Several authors investigated the chemical stability between LC and YSZ. Ma et al. [35] found that LC powders are chemically compatible with YSZ in the temperature interval of 200–1300 °C. Xu et al. [36] studied potential interactions between LC and YSZ in LC-YSZ composite materials after heat treatment at 1300 °C. It was reported [36] that a reaction between LC and YSZ occurred, with the reaction products being La₂Zr₂O₇ (LZ) and CeO₂. Zhang et al. [34] found that when the YSZ content in LC-YSZ composite coating is less than 40 mol.%, the newly emerging LZ integrates into the LC lattice, and the main phase is fluorite LC with a small amount of LZ in solid solution. However, when the YSZ content approaches 60 mol.%, pyrochlore LZ becomes the dominant phase with a low amount of LC in solid solution. The secondary phase is fluorite LC with a trace of LZ in solid solution [34]. To address this issue, the chemical reactivity between LC and YSZ in hot-pressed LC-YSZ bulk samples was investigated by XRD, as shown in Figure 2. Evidently, the reactions occurred between YSZ and LC during the hot pressing of LC-YSZ mixed powders, since a new pyrochlore phase, La₂O₃-CeO₂-ZrO₂ (LCZ), was observed in all XRD patterns (Figure 2). In the case of LC-40YSZ, the pyrochlore LCZ became the dominant phase, with typical low-intensity pyrochlore peaks located at 36.7° and 44.1° of 2θ angles. Besides the main LCZ phase, a certain amount of the initial fluorite LC solid solution was also observed in the LC-40YSZ pattern with the weak peaks located at the left side of the LCZ pyrochlore phase. This is due to the larger radius of Ce⁴⁺ (0.087 nm) compared to Zr⁴⁺ (0.072 nm) [34]. This indicates that the pyrochlore LCZ and fluorite LC structures coexist in the LC-40YSZ sample sintered at 1400 °C. Moreover, no characteristic peaks corresponding to c-ZrO₂ were observed in LC-40YSZ pattern. This indicates that a solid-solution reaction between LC and YSZ occurred. As a result, all Zr⁴⁺ cations entered the LC lattice with a subsequent formation of LCZ solid solution. The XRD pattern of LC-50YSZ also showed the formation of an LCZ pyrochlore structure as the main phase, while the peaks corresponding to the LC fluorite phase completely disappeared. The absence of LC peaks in LC-50YSZ indicates that the LC solid solution was completely consumed throughout the reaction, resulting in the formation of a more stable substance, namely LCZ solid solution.

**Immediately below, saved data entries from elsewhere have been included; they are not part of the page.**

Lemma conv_hull_sub_zonotope_box M (x : 'I_M -> 'cV[R]_n) (r : 'cV[R]_N) c :
  (forall j, zonotope_box r c (x j)) -> conv_hull x `<=` zonotope_box r c.
Proof.
move=> /choice[mu x_mu] _ [lam [lam_ge0 [lam_sum1 ->]]].
exists (\sum_j lam j *: mu j); split.
  move=> i; rewrite summxE; apply: le_trans (ler_norm_sum _ _ _) _.
  rewrite -[r i 0]mul1r -lam_sum1 mulr_suml; apply: ler_sum => j _.
  by rewrite mxE normrM ger0_norm // ler_wpM2l // (proj1 (x_mu j)).
rewrite mulmx_sumr -[c]scale1r -lam_sum1 scaler_suml -big_split /=.
by apply: eq_bigr => j _; rewrite (proj2 (x_mu j)) scalerDr scalemxAr.
Qed.

Lemma zonotope_box_segment (r : 'cV[R]_N) (c z : 'cV[R]_n) (k : 'I_N) (a : R) :
  0 <= a <= r k 0 ->
  zonotope_box r c (z + a *: col k G) -> zonotope_box r c (z - a *: col k G) ->
  zonotope_box (r - a *: delta_mx k 0) c z.
Proof.
move=> /andP[a_ge0 a_le] [m1 [m1_le z1E]] [m2 [m2_le z2E]].
have [l /andP[l_ge0 l_le1] l_mid] : exists2 l, 0 <= l <= 1 &
    `|l * (m1 k 0 - a) + (1 - l) * (m2 k 0 + a)| <= r k 0 - a.
  have := m1_le k; have := m2_le k; rewrite !ler_norml => /andP[? ?] /andP[? ?].
  apply: convex_comb_norm_le; lra.
(* z is the l-average of z + a g_k and z - a g_k, moved back by (2l - 1) a g_k *)
exists (l *: m1 + (1 - l) *: m2 - ((2 * l - 1) * a) *: delta_mx k 0); split.
  move=> i; rewrite !mxE eqxx andbT; have [->|_] := eqVneq i k.
    by rewrite mulr1n mulr1; congr (`|_| <= _): l_mid; ring.
  have := m1_le i; have := m2_le i; rewrite !ler_norml => /andP[? ?] /andP[? ?].
  by rewrite mulr0n !mulr0 !subr0; apply/andP; split; nra.
have G1 : G *m m1 = z + a *: col k G - c by rewrite z1E addrC addKr.
have G2 : G *m m2 = z - a *: col k G - c by rewrite z2E addrC addKr.
rewrite mulmxBr !mulmxDr -!scalemxAr G1 G2 -colE.
by apply/matrixP=> i j; rewrite !mxE; ring.
Qed.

Importantly, small diffraction peaks corresponding to c-ZrO₂ appeared in LC-50YSZ. When the YSZ content was 60 wt.%, the intensity of the LCZ phase decreased, while the intensity of the diffraction peaks corresponding to c-ZrO₂ gradually increased. As the concentration of YSZ reached 70 wt.%, c-ZrO₂ became the main phase while the secondary phase was LCZ solid solution. This is due to the fact that only a small amount of c-ZrO₂ was involved in the reaction because of the lower content of LC powder (30 wt.%) in LC-70YSZ sample. As a result, a higher amount of c-ZrO₂ remained unreacted compared to the other investigated LC-YSZ composites. In addition, all diffraction peaks corresponding to LCZ were shifted to higher diffraction angles compared with the XRD pattern of the LC solid solution. This can be explained by the Ce⁴⁺ replacement with the smaller Zr⁴⁺. The peaks corresponding to c-ZrO₂ also showed slight shifting; however, the shift was to lower diffraction angles. Therefore, we assume that the small amount of La and/or Ce cations from the original LC/LCZ lattice interchanged with Zr⁴⁺ ions in YSZ lattice. As can be noticed in Figure 2, the characteristic pyrochlore peak at ~44.1° cannot be seen in LC-60YSZ and LC-70YSZ bulk samples because of the weaker intensities of LCZ pyrochlore peaks. Furthermore, the diffraction peaks of the c-ZrO₂ in LC-60YSZ and LC-70YSZ became sharper compared to those of their powder-mixture counterparts, implying better crystallinity.

The Rietveld analysis was utilized to calculate the quantity of newly generated phases during hot pressing (Figure 3). The results confirm (Figure 3) that the content of LCZ, which formed as a result of chemical reactions between LC and YSZ, decreased as the amount of YSZ in composites increased. In contrast, an increase in c-ZrO₂ content was detected. The LC phase vanished in LC-YSZ composites containing more than 40 wt.% of YSZ, as demonstrated by the XRD patterns (Figure 2).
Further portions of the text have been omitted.